Essentially I was listing every possible variation of every keyword, and bidding on each and every one of them. From what I've learned, this isn't the most effective way to approach this, and can actually have negative effects on your CTR and Conversions. Which in turn affects how Google views your ads and the costs associated with them.

Modified Broad Keywords Andy has discussed at length, but is basically this:

Keyword = +City +TargetKeyword

The reason for this is to take what he calls the "low hanging fruit". What he means is a local service business like myself only wants to pay for those visitors that are ready to buy. We don't want the tire kickers, or people researching how to do the work on their own. We want customers in need of our service as soon as possible.

By using modified keywords, we ensure we only show for search terms that include both our city and keyword.
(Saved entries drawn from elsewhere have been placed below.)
Theorem lemma2p5 (d L : nat) : (1 <= d)%N ->
  forall eps : rat, 0 < eps ->
  exists N : nat, forall R : nat, (N <= R)%N ->
    `| (#|G_R d L R|)%:R / (#|B_R d R|)%:R - 1 | < eps.
Proof.
move=> d_gt0 eps eps_gt0.
set C := (2 * (d ^ 3 + d ^ 4 + (2 * L + 1) ^ d) * (2 * d) ^ d)%N.
have [t C_lt_t] : exists t, C%:R / eps < t%:R.
  by exists (Num.bound (C%:R / eps)); rewrite archi_boundP // divr_ge0 // ltW.
have t_gt0 : (0 < t)%N.
  by rewrite -(ltr0n rat) (le_lt_trans _ C_lt_t) // divr_ge0 // ltW.
exists (t * t + d)%N => R R_ge.
have tt_le : (t * t <= 2 * R + 1)%N by lia.
have d_le : (d <= 2 * R + 1)%N by lia.
have B_gt0 : (0 < #|B_R d R|)%N.
  by rewrite (leq_trans _ (card_B_R_ge R d_gt0)) // expn_gt0 divn_gt0 // d_le.
have bad_le : t%:R * #|B_R d R :\: G_R d L R|%:R <= C%:R * #|B_R d R|%:R :> rat.
  by rewrite -!natrM ler_nat; exact: card_nongeneric_le.
rewrite card_setD_ratio ?G_R_sub_B_R // ltr_pdivrMr ?ltr0n //.
rewrite ltr_pdivrMr // in C_lt_t.
have : 0 < t%:R :> rat by rewrite ltr0n.
have : 0 < #|B_R d R|%:R :> rat by rewrite ltr0n.
nra.
Qed.
Lemma sched_sum_sqr k :
  (\sum_(i < k) abar i) ^+ 2 <= k%:R ^+ 2 * (9 * beta0 / (125 * sigma)).
Proof.
set B := 6 / 5 * beta0 * Num.sqrt (rho0 / (20 * sigma)) / Num.sqrt c.
have lin : \sum_(i < k) abar i <= k%:R * B.
  elim: k => [|k IH]; first by rewrite big_ord0 mul0r.
  by rewrite big_ord_recr /= -addn1 natrD mulrDl mul1r lerD // sched_abar_const.
have -> : 9 * beta0 / (125 * sigma) = B ^+ 2.
  rewrite /B !exprMn !exprVn !sqr_sqrtr ?divr_ge0 ?mulr_ge0 ?ltW //.
  by rewrite /c; field; rewrite !gt_eqF.
rewrite -exprMn ler_sqr ?nnegrE ?sumr_ge0 // => [i _|]; first exact: sched_abar_ge0.
by rewrite (le_trans _ lin) // sumr_ge0 // => i _; exact: sched_abar_ge0.
Qed.

Let sb := Num.sqrt beta0.
Let sr := Num.sqrt rho0.
Let sb_gt0 : 0 < sb. Proof. by rewrite sqrtr_gt0. Qed.
Let sr_gt0 : 0 < sr. Proof. by rewrite sqrtr_gt0. Qed.
Let sqrtcE : Num.sqrt c = sb * sr. Proof. by rewrite sqrtrM ?ltW. Qed.
Let beta0E : beta0 = sb ^+ 2. Proof. by rewrite sqr_sqrtr ?ltW. Qed.
Let rho0E : rho0 = sr ^+ 2. Proof. by rewrite sqr_sqrtr ?ltW. Qed.

Lemma sched_stationarity {j : nat} {D0 Dl : R} : 0 <= D0 ->
  Dl <= D0 + 2 * \sum_(i < j) abar i + abar j ->
  4 * D0 * sr / (sb * eps) <= sigma ^+ j ->
  6 / 5 * epsbark j + rho0 / sigma ^+ j / Num.sqrt c * Dl <= eps.
Proof.
move=> D0_ge0 Dl_le N_ge; rewrite -addrA in Dl_le.
have {}Dl_le := le_trans Dl_le (lerD (lexx D0) (sched_dist_growth j)).
set N := sigma ^+ j in N_ge Dl_le *; have N_gt0 : 0 < N := sigmak_gt0 j.
have p_gt0 : 0 < rho0 / N / Num.sqrt c by rewrite !divr_gt0.
have := ler_wpM2l (ltW p_gt0) Dl_le.
have -> : rho0 / N / Num.sqrt c * (D0 + 3 / 20 * eps * m1 * beta0 / Num.sqrt c * N)
          = sr * D0 / (N * sb) + 3 / 20 * eps * m1.
  by rewrite sqrtcE beta0E rho0E; field; rewrite !gt_eqF.
have : sr * D0 / (N * sb) <= eps / 4.
  rewrite ler_pdivrMr ?mulr_gt0 //; move: N_ge; rewrite ler_pdivrMr ?mulr_gt0 //.
  by have := eps_gt0; nra.
have : 6 / 5 * epsbark j <= 6 / 5 * (eps / 8).
  by rewrite ler_pM2l // (le_trans _ sched_epsbar_le) // ge_min lexx.
by have := eps_gt0; have := m1_le1; have := m1_gt0; nra.
Qed.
This is key because people don't search "Great Neck Home Cleaning" unless they are looking for a local cleaning service. People who search "Home Cleaning" may be looking for a local cleaning service, or are just as likely to be looking for tips on how to do it themselves.

The other key piece Andy and I discussed, was the 3 key things that must match up for any campaign to be successful. Those things are the Keyword, the Ad Copy, and the Landing Page Copy. All three of these need to convey the exact same message to client.

When a client searches "Great Neck Home Cleaning", our ad must say "Great Neck Home Cleaning". Then, when the ad is clicked, it must take them to a page that reads right in the headline "Great Neck Home Cleaning".

Obviously this doesn't guarantee somebody books a service with us, but it's intuitive to see why somebody would be more likely to book versus if those pieces did not match up.

***************************************************************************************************************************

I haven't been active on the forum, but I'm happy to discuss anything regarding my business or building a local service business in general.

Andy and I discussed a lot of things, but I couldn't go all that deep in any one particular area. Glazing over things makes them seem a lot easier than they are in practice.

I know one question I'd ask if I were a listener is, "What cash flows do you have that allow you to put everything the business earns back into the business, yet still pay your bills, and still have the time to grow the business".

I wouldn't call it divine intervention, but I certainly didn't have the balls to leave my job on my own. I went in that Monday morning just like any other, yet walked out with no job. Whatever allowed that event to happen, waited until I had just enough things lined up that I wouldn't run scared to another job.

It's worth mentioning, I have student loans, a mortgage, two car notes, NYC rent, and a girlfriend who's currently in grad school.

I had every reason to be dependent on my salary, and I was.


Alright so to answer the question, what cash flows keep me afloat.

Rental Income - Own a 2 bedroom home in Baltimore Maryland. Bought this three years ago and lived there briefly before moving to NYC. This covers my mortgage payment and student loans. (1 Hour Per Month)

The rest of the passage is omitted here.